Architecting for the Cloud: Best Practices for Application Design, Scalability, and Performance

Padma Naresh Vardhineedi¹ & Apoorva Jain² 

¹University of Missouri

Kansas City, 5000 Holmes St, Kansas City, MO 64110, US

padmanareshvardhineedi@gmail.com

²Chandigarh University
Mohali, Punjab, India

apoorvajain2308@gmail.com

Abstract

The rapid evolution of cloud computing has had a profound impact on the practices employed in the design, scaling, and optimization of high-performance applications. As more companies adopt cloud environments, there is a growing need to adopt best practices that ensure scalability, resilience, and efficient management of performance. This paper examines the most important aspects of cloud architecture between 2015 and 2024 with a special focus on application design, scalability, and performance. The research highlights the shift from traditional monolithic frameworks to microservices-based architectures, pointing out the importance of containerization and serverless computing in enhancing scalability and optimizing resource utilization. Despite these advancements, there are challenges that still exist, including balancing performance and operational costs, optimizing resource allocation mechanisms, and achieving low-latency response in geographically dispersed cloud infrastructures. In addition, the adoption of artificial intelligence (AI) and machine learning (ML) for predictive scaling, performance optimization, and intelligent resource management has been recognized as a promising direction for enhancing the efficiency of cloud applications.

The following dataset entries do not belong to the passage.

(* Let $(X,T)$ be a transitive topological dynamical system such that $\operatorname{supp}(X,T)\ne\mathrm{Fix}(X,T^n)$ for every $n\in\mathbb{N}$. Then for every $x\in X$ the Banach proximal cell $BP(x)=\{y\in X:(x,y)\text{ is Banach proximal}\}$ has empty interior.
   Context: A topological dynamical system $(X,T)$ consists of a non-empty compact metric space $(X,d)$ and a continuous map $T:X\to X$. It is transitive if for all non-empty open $U,V\subset X$ the set $\{n\ge0: U\cap T^{-n}V\ne\emptyset\}$ is infinite. $\mathrm{Fix}(X,T^n)=\{x\in X: T^nx=x\}$. A set $F\subset\mathbb{Z}_+$ has Banach density one if for every $\lambda<1$ there is $N\ge1$ with $\#(F\cap I)\ge\lambda\,\#(I)$ for every interval of integers $I\subset\mathbb{Z}_+$ with $\#(I)\ge N$. A pair $(x,y)$ is Banach proximal if for every $\varepsilon>0$ the set $\{n\in\mathbb{Z}_+: d(T^nx,T^ny)<\varepsilon\}$ has Banach density one. $\operatorname{supp}(X,T)$ is the smallest closed set $C\subset X$ with $\mu(C)=1$ for all $T$-invariant Borel probability measures $\mu$. *)

From Stdlib Require Import Reals List.
Open Scope R_scope.

Definition is_metric {X : Type} (d : X -> X -> R) : Prop :=
  (forall x y, 0 <= d x y) /\
  (forall x y, d x y = 0 <-> x = y) /\
  (forall x y, d x y = d y x) /\
  (forall x y z, d x z <= d x y + d y z).

Definition is_open {X : Type} (d : X -> X -> R) (U : X -> Prop) : Prop :=
  forall x, U x -> exists eps, 0 < eps /\ forall y, d x y < eps -> U y.

Definition is_closed {X : Type} (d : X -> X -> R) (C : X -> Prop) : Prop :=
  is_open d (fun x => ~ C x).

Definition is_compact {X : Type} (d : X -> X -> R) : Prop :=
  forall (I : Type) (U : I -> X -> Prop),
    (forall i, is_open d (U i)) ->
    (forall x, exists i, U i x) ->
    exists l : list I, forall x, exists i, In i l /\ U i x.

Definition is_continuous {X : Type} (d : X -> X -> R) (T : X -> X) : Prop :=
  forall x eps, 0 < eps -> exists delta, 0 < delta /\
    forall y, d x y < delta -> d (T x) (T y) < eps.

Definition iterT {X : Type} (T : X -> X) (n : nat) (x : X) : X := Nat.iter n T x.

(* transitivity: N(U,V) = {n >= 0 : U ∩ T^{-n} V ≠ ∅} is infinite *)
Definition is_transitive {X : Type} (d : X -> X -> R) (T : X -> X) : Prop :=
  forall U V : X -> Prop, is_open d U -> is_open d V ->
    (exists x, U x) -> (exists x, V x) ->
    forall N : nat, exists n : nat, (N <= n)%nat /\ exists x, U x /\ V (iterT T n x).

Definition Fix {X : Type} (T : X -> X) (n : nat) (x : X) : Prop := iterT T n x = x.

Definition is_sigma_algebra {X : Type} (S : (X -> Prop) -> Prop) : Prop :=
  S (fun _ => True) /\
  (forall A, S A -> S (fun x => ~ A x)) /\
  (forall A : nat -> X -> Prop, (forall n, S (A n)) -> S (fun x => exists n, A n x)).

Definition is_Borel {X : Type} (d : X -> X -> R) (B : X -> Prop) : Prop :=
  forall S : (X -> Prop) -> Prop, is_sigma_algebra S ->
    (forall U, is_open d U -> S U) -> S B.

(* mu is a Borel probability measure (values off the Borel sets are irrelevant) *)
Definition is_Borel_prob {X : Type} (d : X -> X -> R) (mu : (X -> Prop) -> R) : Prop :=
  (forall B, is_Borel d B -> 0 <= mu B) /\
  mu (fun _ => True) = 1 /\
  (forall B : nat -> X -> Prop,
     (forall n, is_Borel d (B n)) ->
     (forall m n x, m <> n -> B m x -> B n x -> False) ->
     infinite_sum (fun n => mu (B n)) (mu (fun x => exists n, B n x))).

Definition is_invariant_prob {X : Type} (d : X -> X -> R) (T : X -> X)
  (mu : (X -> Prop) -> R) : Prop :=
  is_Borel_prob d mu /\
  forall B, is_Borel d B -> mu (fun x => B (T x)) = mu B.

(* supp(X,T): the smallest closed set of full measure for every invariant
   measure, written as the intersection of all such closed sets. *)
Definition supp {X : Type} (d : X -> X -> R) (T : X -> X) (x : X) : Prop :=
  forall C : X -> Prop, is_closed d C ->
    (forall mu, is_invariant_prob d T mu -> mu C = 1) -> C x.

Definition banach_density_one (F : nat -> Prop) : Prop :=
  forall lambda : R, lambda < 1 ->
    exists N : nat, (1 <= N)%nat /\
      forall a L : nat, (N <= L)%nat ->
        exists l : list nat, NoDup l /\
          (forall k, In k l -> (a <= k < a + L)%nat /\ F k) /\
          lambda * INR L <= INR (length l).

Definition banach_proximal {X : Type} (d : X -> X -> R) (T : X -> X) (x y : X) : Prop :=
  forall eps, 0 < eps ->
    banach_density_one (fun n => d (iterT T n x) (iterT T n y) < eps).

Definition BP {X : Type} (d : X -> X -> R) (T : X -> X) (x : X) (y : X) : Prop :=
  banach_proximal d T x y.

Definition empty_interior {X : Type} (d : X -> X -> R) (A : X -> Prop) : Prop :=
  forall U : X -> Prop, is_open d U -> (forall y, U y -> A y) -> forall y, ~ U y.

(* Let (X, T) be transitive and suppose an open set U ≠ ∅ lies in BP(x).
   Transitivity gives n >= 1 and a nonempty open W = U ∩ T^-n U; for y in W
   both y and T^n y are Banach proximal to x, so the times k at which
   d(T^k y, T^(k+n) y) is small have Banach density one.  By Baire's theorem
   these density bounds are uniform on some ball, and transitivity transfers
   them to every point of X (an orbit is shadowed by an orbit from the ball).
   Averaging over an invariant measure then shows that the set of points
   moved by T^n is null for every invariant measure, whence
   supp(X, T) ⊆ Fix(X, T^n).  Conversely every T^n-fixed point carries the
   invariant orbit measure, so Fix(X, T^n) ⊆ supp(X, T): the two sets agree,
   contradicting the hypothesis. *)

From Stdlib Require Import Reals List Lia Lra.
From Stdlib Require Import Classical ClassicalEpsilon FunctionalExtensionality PropExtensionality.
Open Scope R_scope.

Definition indn (P : Prop) : nat := if excluded_middle_informative P then 1%nat else 0%nat.
Definition indR (P : Prop) : R := if excluded_middle_informative P then 1 else 0.

Lemma indR_true (P : Prop) : P -> indR P = 1.
Proof. intros HP; unfold indR; destruct excluded_middle_informative; tauto. Qed.

Lemma indR_false (P : Prop) : ~ P -> indR P = 0.
Proof. intros HP; unfold indR; destruct excluded_middle_informative; tauto. Qed.

Lemma indR_bounds (P : Prop) : 0 <= indR P <= 1.
Proof. unfold indR; destruct excluded_middle_informative; lra. Qed.

Ltac seteq := apply functional_extensionality; intro; apply propositional_extensionality.

(** Counting in windows of integers *)

Fixpoint count_in (P : nat -> Prop) (a L : nat) : nat :=
  match L with
  | O => O
  | S L' => (indn (P a) + count_in P (S a) L')%nat
  end.

Lemma count_in_shift_mono (P Q : nat -> Prop) L : forall a b,
  (forall i, (i < L)%nat -> P (a + i)%nat -> Q (b + i)%nat) ->
  (count_in P a L <= count_in Q b L)%nat.
Proof.
  induction L as [|L IH]; intros a b H; simpl; [lia|].
  assert (Htail : (count_in P (S a) L <= count_in Q (S b) L)%nat).
  { apply IH; intros i Hi Hp.
    replace (S b + i)%nat with (b + S i)%nat by lia.
    apply H; [lia|]. now replace (a + S i)%nat with (S a + i)%nat by lia. }
  assert (Hhead : (indn (P a) <= indn (Q b))%nat).
  { unfold indn; destruct (excluded_middle_informative (P a)) as [p|p];
      destruct (excluded_middle_informative (Q b)) as [q|q]; try lia.
    exfalso; apply q. rewrite <- (Nat.add_0_r b).
    apply H; [lia|]. now rewrite Nat.add_0_r. }
  lia.
Qed.

Lemma count_in_mono (P Q : nat -> Prop) L a :
  (forall k, P k -> Q k) -> (count_in P a L <= count_in Q a L)%nat.
Proof. intros H; apply count_in_shift_mono; auto. Qed.

Lemma count_in_compl (P : nat -> Prop) L : forall a,
  (count_in P a L + count_in (fun k => ~ P k) a L = L)%nat.
Proof.
  induction L as [|L IH]; intros a; simpl; [lia|]. specialize (IH (S a)).
  unfold indn; destruct (excluded_middle_informative (P a));
    destruct (excluded_middle_informative (~ P a)); tauto || lia.
Qed.

Lemma count_in_compl_INR (P : nat -> Prop) L a :
  INR (count_in P a L) = INR L - INR (count_in (fun k => ~ P k) a L).
Proof. rewrite <- (count_in_compl P L a) at 2. rewrite plus_INR. ring. Qed.

Lemma count_in_or (P Q : nat -> Prop) L : forall a,
  (count_in (fun k => P k \/ Q k) a L <= count_in P a L + count_in Q a L)%nat.
Proof.
  induction L as [|L IH]; intros a; simpl; [lia|]. specialize (IH (S a)).
  unfold indn; destruct (excluded_middle_informative (P a \/ Q a));
    destruct (excluded_middle_informative (P a));
    destruct (excluded_middle_informative (Q a)); try lia; tauto.
Qed.

Lemma NoDup_length_le_count_in (P : nat -> Prop) (l : list nat) a L :
  NoDup l -> (forall k, In k l -> (a <= k < a + L)%nat /\ P k) ->
  (length l <= count_in P a L)%nat.
Proof.
  intros Hnd Hin.
  set (p := fun k => if excluded_middle_informative (P k) then true else false).
  assert (Hcount : forall a, count_in P a L = length (filter p (seq a L))).
  { clear Hin; induction L as [|L IH]; intros b; simpl; [auto|].
    rewrite IH; unfold indn, p; destruct (excluded_middle_informative (P b)); auto. }
  rewrite Hcount. apply NoDup_incl_length; auto.
  intros k Hk. destruct (Hin k Hk) as [Hr Hp]. apply filter_In. split.
  - apply in_seq. lia.
  - unfold p; destruct excluded_middle_informative; tauto.
Qed.

Lemma banach_density_one_count (F : nat -> Prop) : banach_density_one F ->
  forall lambda, lambda < 1 -> exists N, forall a L, (N <= L)%nat ->
    lambda * INR L <= INR (count_in F a L).
Proof.
  intros H lam Hl. destruct (H lam Hl) as [N [_ HN]]. exists N.
  intros a L HL. destruct (HN a L HL) as [l [Hnd [Hin Hle]]].
  eapply Rle_trans; [exact Hle|]. apply le_INR, NoDup_length_le_count_in; auto.
Qed.

Fixpoint rsum (f : nat -> R) (L : nat) : R :=
  match L with
  | O => 0
  | S L' => f 0%nat + rsum (fun k => f (S k)) L'
  end.

Lemma rsum_const c L : rsum (fun _ => c) L = INR L * c.
Proof. induction L as [|L IH]; simpl rsum; [simpl; lra|]. rewrite IH, S_INR. lra. Qed.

There are, however, gaps that still exist in managing the complexity of multi-cloud architectures, maintaining security at scale, and engineering systems for fault tolerance to achieve full utilization of cloud system capabilities. This paper highlights these gaps and calls for additional research in the development of cloud-native design paradigms, improving auto-scaling practices, and designing more resilient multi-cloud solutions. The research highlights the need for additional innovation in cloud computing practices to address the growing demands of modern, high-performance applications. Overcoming these gaps will enable organizations to design more resilient, scalable, and high-performance cloud-based solutions within the next few years.

Keywords

Cloud computing, application design, scalability, performance optimization, microservices, serverless computing, containerization, AI-based scaling, multi-cloud architecture, fault tolerance, cloud-native design, predictive autoscaling, resource management, latency reduction, high-performance cloud solutions.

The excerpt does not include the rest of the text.